Lebanese Justice Minister Charles Rizk says three years after the assassination of former Prime Minister Rafiq Hariri, his country is divided. Speaking in Washington Thursday at the Woodrow Wilson Center, Rizk said he believes the special tribunal formed by the United Nations to try the assassins will help to unify the country in the long term. VOA Correspondent Cindy Saine reports from Washington.

Lebanese Justice Minister Rizk had a frank assessment of the way things stand in his country.

"When you look at the situation as it is, you feel there are two Lebanons and not only one," said Charles Rizk.

Lebanon has been without a president for three months, with the anti-Syrian majority bloc in parliament and the Hezbollah-led opposition locked in a stalemate over how to share seats in a new cabinet. The governing coalition is backed by the United States and a number of other Western countries, and several Arab allies, including Saudi Arabia and Egypt. The opposition is supported by Syria and Iran.

The political crisis has led to the worst street violence since Lebanon's civil war, from 1975 until 1990. Another source of tension between the two factions is the special tribunal investigating the assassination of Mister Hariri and other killings.

Rizk said he believes there must be justice for the perpetrators of the killings before Lebanon can have a new beginning.

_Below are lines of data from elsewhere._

(* Let $\Omega\subseteq\mathbb{R}^n$ be open, $\nu,C_1,\dots,C_{n-1}\in\mathcal{C}^\infty(\Omega,\mathbb{R})$, $H:=C_{n-1}$, and $X$ the vector field on $\Omega$ with components $X_i=\nu\cdot\frac{\partial(C_1,\dots,C_{n-2},x_i,H)}{\partial(x_1,\dots,x_n)}$. Let $\overline{x}_e\in\mathcal{E}^{C_{n-1}}_{C_1,\dots,C_{n-2}}$ be a non-degenerate regular equilibrium point of $X$, let $\Omega'\subseteq\Omega$ be any open neighborhood of $\overline{x}_e$ and $\Phi:\Omega'\to W':=\Phi(\Omega')$ a smooth diffeomorphism. Then $$\mathcal{I}_{\Phi_\star X}(\Phi(\overline{x}_e))=\mathcal{I}_X(\overline{x}_e),$$ where $\mathcal{I}_{\Phi_\star X}(\Phi(\overline{x}_e))$ is computed from the Hamiltonian form of $\Phi_\star X$ with data $(\nu_\Phi;\Phi_\star C_1,\dots,\Phi_\star C_{n-2};\Phi_\star H)$ (in which $\Phi(\overline{x}_e)$ is again a non-degenerate regular equilibrium).
   Context: $\langle\cdot,\cdot\rangle$ is the standard inner product, $\nabla$ the gradient, $\operatorname{Hess}F=\mathrm{D}(\nabla F)$, $\frac{\partial(\cdots)}{\partial(x_1,\dots,x_n)}$ a Jacobian determinant. For decomposable $k$-vectors, $\langle u_1\wedge\dots\wedge u_k,v_1\wedge\dots\wedge v_k\rangle_k:=\det[\langle u_i,v_j\rangle]$. $\mathcal{E}^{C_{n-1}}_{C_1,\dots,C_{n-2}}:=\{\overline{x}\in\Omega:\nu(\overline{x})\neq0,\ \nabla C_1\wedge\dots\wedge\nabla C_{n-2}(\overline{x})\neq0,\ \nabla C_1\wedge\dots\wedge\nabla C_{n-1}(\overline{x})=0\}$. For $\overline{x}_e$ in it, $\overrightarrow{\lambda_e}\in\mathbb{R}^{n-2}$ is the unique vector with $\nabla H(\overline{x}_e)+\sum_i\lambda^e_i\nabla C_i(\overline{x}_e)=0$, $F_{\overrightarrow{\lambda_e}}:=H+\sum_i\lambda^e_iC_i$; non-degeneracy means $A:=\operatorname{Hess}F_{\overrightarrow{\lambda_e}}(\overline{x}_e)$ invertible, and $\mathcal{I}_X(\overline{x}_e):=\nu^2(\overline{x}_e)\det(A)\langle A^{-1}\nabla C_1(\overline{x}_e)\wedge\dots\wedge A^{-1}\nabla C_{n-2}(\overline{x}_e),\nabla C_1(\overline{x}_e)\wedge\dots\wedge\nabla C_{n-2}(\overline{x}_e)\rangle_{n-2}$. For functions, $\Phi_\star f:=f\circ\Phi^{-1}$; $\Phi_\star X$ is the push-forward; $\nu_\Phi:=\Phi_\star\nu\cdot\Phi_\star\det(\mathrm{D}\Phi)$; $\Phi_\star X$ has components $\nu_\Phi\cdot\frac{\partial(\Phi_\star C_1,\dots,\Phi_\star C_{n-2},y_i,\Phi_\star H)}{\partial(y_1,\dots,y_n)}$, and $\mathcal{I}_{\Phi_\star X}(\Phi(\overline{x}_e))$ is defined by the same formula as $\mathcal{I}_X$ with $\nu,C_i,H,\overline{x}_e,\overrightarrow{\lambda_e}$ replaced by $\nu_\Phi,\Phi_\star C_i,\Phi_\star H,\Phi(\overline{x}_e),\overrightarrow{\lambda_e}$. *)

From HB Require Import structures.
From mathcomp Require Import all_boot all_order all_algebra.
From mathcomp Require Import all_classical all_reals all_analysis.
Set Implicit Arguments. Unset Strict Implicit. Unset Printing Implicit Defensive.
Import Order.TTheory GRing.Theory Num.Theory.
Import numFieldNormedType.Exports.
Local Open Scope classical_set_scope.
Local Open Scope ring_scope.
(* Let $\Gamma$ be a $g\mathbf{PAI}$-theory. For all formulas $\varphi,\psi$: $[N(\varphi)]_{\sim_\Gamma}\le_\oplus[N(\psi)]_{\sim_\Gamma}$ in the quotient algebra $\langle N[Fm]/{\sim_\Gamma},\oplus\rangle$ if and only if $N(\varphi)\le_\Gamma N(\psi)$ (equivalently, iff $\varphi\prec\psi\in\Gamma$).
   Context: Language: fix a countable set $Var$ of variables; $Fm$ is the set of formulas built from $Var$ with unary $\neg,\Box$ and binary $\vee,\to$. Abbreviations: $\varphi\wedge\psi:=\neg(\neg\varphi\vee\neg\psi)$, $\varphi\supset\psi:=\neg\varphi\vee\psi$, $\varphi\equiv\psi:=(\varphi\supset\psi)\wedge(\psi\supset\varphi)$, $\varphi\prec\psi:=\psi\to(\varphi\vee\neg\varphi)$. $g\mathbf{PAI}$ is the Hilbert calculus with axiom schemes (A1) $\varphi\supset(\psi\supset\varphi)$; (A2) $(\varphi\supset(\psi\supset\chi))\supset((\varphi\supset\psi)\supset(\varphi\supset\chi))$; (A3) $(\neg\varphi\supset\neg\psi)\supset(\psi\supset\varphi)$; (A4) $(\varphi\to\psi)\equiv(\Box(\varphi\supset\psi)\wedge(\psi\prec\varphi))$; (A5) $((\varphi\to\psi)\prec(\varphi\vee\psi))\wedge((\varphi\vee\psi)\prec(\varphi\to\psi))$; (K) $\Box(\varphi\supset\psi)\supset(\Box\varphi\supset\Box\psi)$; (T) $\Box\varphi\supset\varphi$; (4) $\Box\varphi\supset\Box\Box\varphi$; (O1) $\varphi\prec\varphi$; (O2) $((\varphi\prec\psi)\wedge(\psi\prec\chi))\supset(\varphi\prec\chi)$; (O3) $(\varphi\prec\psi)\supset((\varphi\vee\psi)\prec\psi)$; (O4) $((\varphi\prec\psi)\equiv(\varphi\prec\neg\psi))\wedge((\varphi\prec\psi)\equiv(\neg\varphi\prec\psi))$; (O5) $((\varphi\prec\psi)\equiv(\varphi\prec\Box\psi))\wedge((\varphi\prec\psi)\equiv(\Box\varphi\prec\psi))$; (C1) $(\varphi\prec(\varphi\vee\psi))\wedge(\psi\prec(\varphi\vee\psi))$; (C2) $((\varphi\prec\chi)\wedge(\psi\prec\chi))\supset((\varphi\vee\psi)\prec\chi)$; (C3) $((\varphi\prec\chi)\wedge(\chi\prec\varphi)\wedge(\psi\prec\zeta)\wedge(\zeta\prec\psi))\supset((\varphi\to\psi)\prec(\chi\to\zeta))$; rules (MP) from $\varphi,\varphi\supset\psi$ infer $\psi$, (Nec$_g$) from $\varphi$ infer $\Box\varphi$. A $g\mathbf{PAI}$-theory is a set of formulas closed under derivability in this calculus. $N$ is the map from $Fm$ onto the algebra of terms over $Var$ in a binary symbol $\oplus$ given by $N(p)=p$, $N(\neg\varphi)=N(\Box\varphi)=N(\varphi)$, $N(\varphi\vee\psi)=N(\varphi\to\psi)=N(\varphi)\oplus N(\psi)$; $N[Fm]$ is its image. For a theory $\Gamma$ define on $N[Fm]$: $N(\varphi)\le_\Gamma N(\psi)$ iff $\varphi\prec\psi\in\Gamma$ (independent of the chosen preimages), and $N(\varphi)\sim_\Gamma N(\psi)$ iff $N(\varphi)\le_\Gamma N(\psi)$ and $N(\psi)\le_\Gamma N(\varphi)$; $\sim_\Gamma$ is a congruence of $\langle N[Fm],\oplus\rangle$ and $\langle N[Fm]/{\sim_\Gamma},\oplus\rangle$ is the quotient. On the quotient, $x\le_\oplus y$ iff $x\oplus y=y$. *)

From Stdlib Require Import Classical FunctionalExtensionality PropExtensionality.

Definition Var := nat.

Inductive Fm : Type :=
| FVar : Var -> Fm
| FNeg : Fm -> Fm
| FBox : Fm -> Fm
| FOr  : Fm -> Fm -> Fm
| FArr : Fm -> Fm -> Fm.   (* the binary connective "->" of the language *)

Definition FAnd (a b : Fm) : Fm := FNeg (FOr (FNeg a) (FNeg b)).
Definition FImp (a b : Fm) : Fm := FOr (FNeg a) b.
Definition FEqv (a b : Fm) : Fm := FAnd (FImp a b) (FImp b a).
Definition FPrec (a b : Fm) : Fm := FArr b (FOr a (FNeg a)).

Inductive IsAxiom : Fm -> Prop :=
| A1 a b : IsAxiom (FImp a (FImp b a))
| A2 a b c : IsAxiom (FImp (FImp a (FImp b c)) (FImp (FImp a b) (FImp a c)))
| A3 a b : IsAxiom (FImp (FImp (FNeg a) (FNeg b)) (FImp b a))
| A4 a b : IsAxiom (FEqv (FArr a b) (FAnd (FBox (FImp a b)) (FPrec b a)))
| A5 a b : IsAxiom (FAnd (FPrec (FArr a b) (FOr a b)) (FPrec (FOr a b) (FArr a b)))
| AK a b : IsAxiom (FImp (FBox (FImp a b)) (FImp (FBox a) (FBox b)))
| AT a : IsAxiom (FImp (FBox a) a)
| A4' a : IsAxiom (FImp (FBox a) (FBox (FBox a)))
| O1 a : IsAxiom (FPrec a a)
| O2 a b c : IsAxiom (FImp (FAnd (FPrec a b) (FPrec b c)) (FPrec a c))
| O3 a b : IsAxiom (FImp (FPrec a b) (FPrec (FOr a b) b))
| O4 a b : IsAxiom (FAnd (FEqv (FPrec a b) (FPrec a (FNeg b)))
                       (FEqv (FPrec a b) (FPrec (FNeg a) b)))
| O5 a b : IsAxiom (FAnd (FEqv (FPrec a b) (FPrec a (FBox b)))
                       (FEqv (FPrec a b) (FPrec (FBox a) b)))
| C1 a b : IsAxiom (FAnd (FPrec a (FOr a b)) (FPrec b (FOr a b)))
| C2 a b c : IsAxiom (FImp (FAnd (FPrec a c) (FPrec b c)) (FPrec (FOr a b) c))
| C3 a b c d : IsAxiom (FImp (FAnd (FAnd (FAnd (FPrec a c) (FPrec c a)) (FPrec b d)) (FPrec d b))
                           (FPrec (FArr a b) (FArr c d))).

Inductive derivable (G : Fm -> Prop) : Fm -> Prop :=
| d_ax a : IsAxiom a -> derivable G a
| d_prem a : G a -> derivable G a
| d_mp a b : derivable G a -> derivable G (FImp a b) -> derivable G b
| d_nec a : derivable G a -> derivable G (FBox a).

Definition theory (G : Fm -> Prop) : Prop :=
  forall a, derivable G a -> G a.

Inductive Term : Type :=
| TVar : Var -> Term
| TOplus : Term -> Term -> Term.

Fixpoint N (a : Fm) : Term :=
  match a with
  | FVar p => TVar p
  | FNeg a => N a
  | FBox a => N a
  | FOr a b => TOplus (N a) (N b)
  | FArr a b => TOplus (N a) (N b)
  end.

Definition inNFm (t : Term) : Prop := exists a, N a = t.

(* t ≤_Γ s on N[Fm]: via (some) preimages; the paper shows the choice of
   preimages is irrelevant. *)
Definition leG (G : Fm -> Prop) (t s : Term) : Prop :=
  exists a b, N a = t /\ N b = s /\ G (FPrec a b).

Definition simG (G : Fm -> Prop) (t s : Term) : Prop := leG G t s /\ leG G s t.

Definition cls (G : Fm -> Prop) (t : Term) : Term -> Prop :=
  fun s => inNFm s /\ simG G s t.

(* The operation ⊕ of the quotient: [t] ⊕ [s] := [t ⊕ s]
   (well defined since ~Γ is a congruence). *)
Definition qoplus (G : Fm -> Prop) (t s : Term) : Term -> Prop := cls G (TOplus t s).

Definition qle (G : Fm -> Prop) (t s : Term) : Prop := qoplus G t s = cls G s.

(* In a theory G, the relation [a ≺ b ∈ G] is a preorder (O1, O2) for which
   negation and box are transparent (O4, O5), [->] is equivalent to [∨] (A5)
   and [∨] is a least upper bound (C1, C2).  Hence every formula is
   ≺-equivalent to the formula read back from its term [N a], so [≤_G] only
   depends on the terms, [~_G]-classes of terms are classes of ≺-equivalent
   formulas, and [N φ ⊕ N ψ ~_G N ψ] says that [φ ∨ ψ] and [ψ] are
   ≺-equivalent, i.e. that [φ ≺ ψ]. *)

From Stdlib Require Import FunctionalExtensionality PropExtensionality.

(* Global necessitation breaks the deduction theorem for gPAI itself, so the
   propositional reasoning is done in the A1-A3 fragment over premises. *)
Inductive hilbert (H : Fm -> Prop) : Fm -> Prop :=
| hilbert_A1 a b : hilbert H (FImp a (FImp b a))
| hilbert_A2 a b c :
    hilbert H (FImp (FImp a (FImp b c)) (FImp (FImp a b) (FImp a c)))
| hilbert_A3 a b : hilbert H (FImp (FImp (FNeg a) (FNeg b)) (FImp b a))
| hilbert_prem a : H a -> hilbert H a
| hilbert_mp a b : hilbert H a -> hilbert H (FImp a b) -> hilbert H b.

Definition extend (H : Fm -> Prop) (a : Fm) : Fm -> Prop := fun x => H x \/ x = a.

Section Hilbert.
Variable H : Fm -> Prop.

Lemma hilbert_imp_refl a : hilbert H (FImp a a).
Proof.
  eapply hilbert_mp; [apply (hilbert_A1 H a a)|].
  eapply hilbert_mp; [apply (hilbert_A1 H a (FImp a a))|].
  apply hilbert_A2.
Qed.

Lemma hilbert_weaken a b : hilbert H b -> hilbert (extend H a) b.
Proof.
  intro D; induction D; eauto using hilbert.
  apply hilbert_prem; left; assumption.
Qed.

Lemma hilbert_extend_last a : hilbert (extend H a) a.
Proof. apply hilbert_prem; right; reflexivity. Qed.

End Hilbert.

Lemma hilbert_deduction H a b : hilbert (extend H a) b -> hilbert H (FImp a b).
Proof.
  intro D; induction D as [| | |x [Hx|Ex]|x y _ IHx _ IHxy].
  - eapply hilbert_mp; [apply hilbert_A1|apply hilbert_A1].
  - eapply hilbert_mp; [apply hilbert_A2|apply hilbert_A1].
  - eapply hilbert_mp; [apply hilbert_A3|apply hilbert_A1].
  - eapply hilbert_mp; [apply hilbert_prem; exact Hx|apply hilbert_A1].
  - rewrite Ex; apply hilbert_imp_refl.
  - eapply hilbert_mp; [exact IHx|].
    eapply hilbert_mp; [exact IHxy|apply hilbert_A2].
Qed.

Section HilbertTheorems.
Variable H : Fm -> Prop.

Lemma hilbert_imp_trans a b c :
  hilbert H (FImp a b) -> hilbert H (FImp b c) -> hilbert H (FImp a c).
Proof.
  intros Dab Dbc; apply hilbert_deduction.
  eapply hilbert_mp; [|apply hilbert_weaken, Dbc].
  eapply hilbert_mp; [apply hilbert_extend_last|apply hilbert_weaken, Dab].
Qed.

Lemma hilbert_dneg_elim a : hilbert H (FImp (FNeg (FNeg a)) a).
Proof.
  apply hilbert_deduction.
  eapply hilbert_mp; [apply hilbert_extend_last|].
  eapply hilbert_mp; [|apply (hilbert_A3 _ a (FNeg (FNeg a)))].
  eapply hilbert_mp; [|apply (hilbert_A3 _ (FNeg (FNeg (FNeg a))) (FNeg a))].
  eapply hilbert_mp; [apply hilbert_extend_last|apply hilbert_A1].
Qed.

Lemma hilbert_dneg_intro a : hilbert H (FImp a (FNeg (FNeg a))).
Proof. eapply hilbert_mp; [apply hilbert_dneg_elim|apply hilbert_A3]. Qed.

Lemma hilbert_contra a b :
  hilbert H (FImp a b) -> hilbert H (FImp (FNeg b) (FNeg a)).
Proof.
  intro D; eapply hilbert_mp; [|apply (hilbert_A3 _ (FNeg a) (FNeg b))].
  eapply hilbert_imp_trans; [apply hilbert_dneg_elim|].
  eapply hilbert_imp_trans; [exact D|apply hilbert_dneg_intro].
Qed.

Lemma hilbert_neg_imp a b : hilbert H (FImp (FNeg a) (FImp a b)).
Proof.
  apply hilbert_deduction.
  eapply hilbert_mp; [|apply hilbert_A3].
  eapply hilbert_mp; [apply hilbert_extend_last|apply hilbert_A1].
Qed.

Lemma hilbert_andE1 a b : hilbert H (FAnd a b) -> hilbert H a.
Proof.
  intro D; eapply hilbert_mp; [exact D|].
  eapply hilbert_imp_trans; [|apply hilbert_dneg_elim].
  apply hilbert_contra, (hilbert_neg_imp a (FNeg b)).
Qed.

Lemma hilbert_andE2 a b : hilbert H (FAnd a b) -> hilbert H b.
Proof.
  intro D; eapply hilbert_mp; [exact D|].
  eapply hilbert_imp_trans; [|apply hilbert_dneg_elim].
  apply hilbert_contra, (hilbert_A1 H (FNeg b) a).
Qed.

Lemma hilbert_andI a b : hilbert H a -> hilbert H b -> hilbert H (FAnd a b).
Proof.
  intros Da Db.
  assert (modus_ponens :
            hilbert H (FImp a (FImp (FImp a (FNeg b)) (FNeg b)))).
  { apply hilbert_deduction, hilbert_deduction.
    eapply hilbert_mp; [apply hilbert_weaken, hilbert_extend_last|].
    apply hilbert_extend_last. }
  eapply hilbert_mp; [|apply hilbert_contra, (hilbert_mp _ _ _ Da modus_ponens)].
  eapply hilbert_mp; [exact Db|apply hilbert_dneg_intro].
Qed.

End HilbertTheorems.

Section Theory.
Variable G : Fm -> Prop.
Hypothesis HG : theory G.

Lemma theory_hilbert_closed a : hilbert G a -> G a.
Proof.
  intro D; induction D; apply HG; eauto using derivable, IsAxiom.
Qed.

Lemma theory_axiom a : IsAxiom a -> G a.
Proof. intro; apply HG, d_ax; assumption. Qed.

Lemma theory_mp a b : G a -> G (FImp a b) -> G b.
Proof. intros; apply theory_hilbert_closed; eauto using hilbert. Qed.

Lemma theory_andI a b : G a -> G b -> G (FAnd a b).
Proof. intros; apply theory_hilbert_closed, hilbert_andI; apply hilbert_prem; assumption. Qed.

Lemma theory_andE1 a b : G (FAnd a b) -> G a.
Proof. intro; apply theory_hilbert_closed; eauto using hilbert_andE1, hilbert. Qed.

Lemma theory_andE2 a b : G (FAnd a b) -> G b.
Proof. intro; apply theory_hilbert_closed; eauto using hilbert_andE2, hilbert. Qed.

Lemma theory_eqv a b : G (FEqv a b) -> (G a <-> G b).
Proof.
  intro E; split; intro; eapply theory_mp; eauto.
  - exact (theory_andE1 _ _ E).
  - exact (theory_andE2 _ _ E).
Qed.

Definition prec (a b : Fm) : Prop := G (FPrec a b).

Lemma prec_refl a : prec a a.
Proof. apply theory_axiom, O1. Qed.

Lemma prec_trans a b c : prec a b -> prec b c -> prec a c.
Proof.
  intros; apply (theory_mp (FAnd (FPrec a b) (FPrec b c))).
  - apply theory_andI; assumption.
  - apply theory_axiom, O2.
Qed.

Lemma prec_negr a b : prec a (FNeg b) <-> prec a b.
Proof. symmetry; apply theory_eqv; eapply theory_andE1, theory_axiom, O4. Qed.

Lemma prec_negl a b : prec (FNeg a) b <-> prec a b.
Proof. symmetry; apply theory_eqv; eapply theory_andE2, theory_axiom, O4. Qed.

Lemma prec_boxr a b : prec a (FBox b) <-> prec a b.
Proof. symmetry; apply theory_eqv; eapply theory_andE1, theory_axiom, O5. Qed.

Lemma prec_boxl a b : prec (FBox a) b <-> prec a b.
Proof. symmetry; apply theory_eqv; eapply theory_andE2, theory_axiom, O5. Qed.

Lemma prec_orl a b : prec a (FOr a b).
Proof. eapply theory_andE1, theory_axiom, C1. Qed.

Lemma prec_orr a b : prec b (FOr a b).
Proof. eapply theory_andE2, theory_axiom, C1. Qed.

Lemma prec_or_lub a b c : prec a c -> prec b c -> prec (FOr a b) c.
Proof.
  intros; apply (theory_mp (FAnd (FPrec a c) (FPrec b c))).
  - apply theory_andI; assumption.
  - apply theory_axiom, C2.
Qed.

Lemma prec_arr_or a b : prec (FArr a b) (FOr a b).
Proof. eapply theory_andE1, theory_axiom, A5. Qed.

Lemma prec_or_arr a b : prec (FOr a b) (FArr a b).
Proof. eapply theory_andE2, theory_axiom, A5. Qed.

Lemma prec_or_mono a b c d : prec a c -> prec b d -> prec (FOr a b) (FOr c d).
Proof.
  intros; apply prec_or_lub; eapply prec_trans; eauto using prec_orl, prec_orr.
Qed.

Lemma prec_or_absorb a b : prec (FOr a b) b <-> prec a b.
Proof.
  split; intro.
  - eapply prec_trans; [apply prec_orl|eassumption].
  - apply prec_or_lub; auto using prec_refl.
Qed.

Fixpoint fm_of_term (t : Term) : Fm :=
  match t with
  | TVar p => FVar p
  | TOplus s u => FOr (fm_of_term s) (fm_of_term u)
  end.

Lemma prec_fm_of_N a : prec a (fm_of_term (N a)) /\ prec (fm_of_term (N a)) a.
Proof.
  induction a as [p|a [] |a [] |a [] b [] |a [] b []]; simpl.
  - split; apply prec_refl.
  - rewrite prec_negl, prec_negr; auto.
  - rewrite prec_boxl, prec_boxr; auto.
  - split; apply prec_or_mono; assumption.
  - split.
    + eapply prec_trans; [apply prec_arr_or|apply prec_or_mono; assumption].
    + eapply prec_trans; [|apply prec_or_arr]; apply prec_or_mono; assumption.
Qed.

Lemma prec_of_N_eq a b : N a = N b -> prec a b.
Proof.
  intro E; eapply prec_trans; [apply (prec_fm_of_N a)|].
  rewrite E; apply (prec_fm_of_N b).
Qed.

Lemma leG_N a b : leG G (N a) (N b) <-> prec a b.
Proof.
  split.
  - intros (a' & b' & Ea & Eb & Hab).
    eapply prec_trans; [apply prec_of_N_eq; symmetry; exact Ea|].
    eapply prec_trans; [exact Hab|apply prec_of_N_eq; exact Eb].
  - intro; exists a, b; auto.
Qed.

Lemma simG_N a b : simG G (N a) (N b) <-> prec a b /\ prec b a.
Proof. unfold simG; rewrite !leG_N; reflexivity. Qed.

Lemma cls_N_eq a b : cls G (N a) = cls G (N b) <-> simG G (N a) (N b).
Proof.
  split.
  - intro E.
    assert (self : cls G (N a) (N a)).
    { split; [exists a; reflexivity|]; apply simG_N; auto using prec_refl. }
    rewrite E in self; apply self.
  - rewrite simG_N; intros [ab ba].
    apply functional_extensionality; intro s.
    apply propositional_extensionality.
    unfold cls; split; intros [[c <-] Hc]; split; try (exists c; reflexivity);
      rewrite simG_N in Hc |- *; destruct Hc; split; eapply prec_trans; eauto.
Qed.

End Theory.

Theorem mainTheorem12 (G : Fm -> Prop) (HG : theory G) (phi psi : Fm) :
  qle G (N phi) (N psi) <-> G (FPrec phi psi).
Proof.
  unfold qle, qoplus.
  change (TOplus (N phi) (N psi)) with (N (FOr phi psi)).
  rewrite cls_N_eq, simG_N, prec_or_absorb by exact HG.
  split; [intros []; assumption|].
  split; [assumption|apply prec_orr, HG].
Qed.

"Far from being an element of division, the tribunal more and more should be considered as a factor of unity, of reconciliation," he said. "To free ourselves from and to really wash our consciences and our country from this horrendous crime which has been committed three years and two weeks ago."

Rizk said the tribunal is a mixture of Lebanese and international judges and will be based at the Hague in the Netherlands. He said its financing is secure and its judges have been nominated.

Former U.S. Ambassador to Lebanon Jeffrey Feltman agreed that the current political stalemate in Lebanon is frustrating, but he said there has also been tremendous progress since the assassination three years ago.

"Let's also think about the accomplishments," said Jeffrey Feltman. "They are truly remarkable. Syria has withdrawn its troops. Syria has closed its overt intelligence offices. Lebanon held parliamentary elections in 2005 that resulted in the first "made-in-Lebanon" cabinet as opposed to the "made in Syria" cabinet in decades."

Lebanon's parliament has set March 11 as the new date for lawmakers to try to choose the nation's new president, after parliament on Tuesday delayed the vote for the 15th time.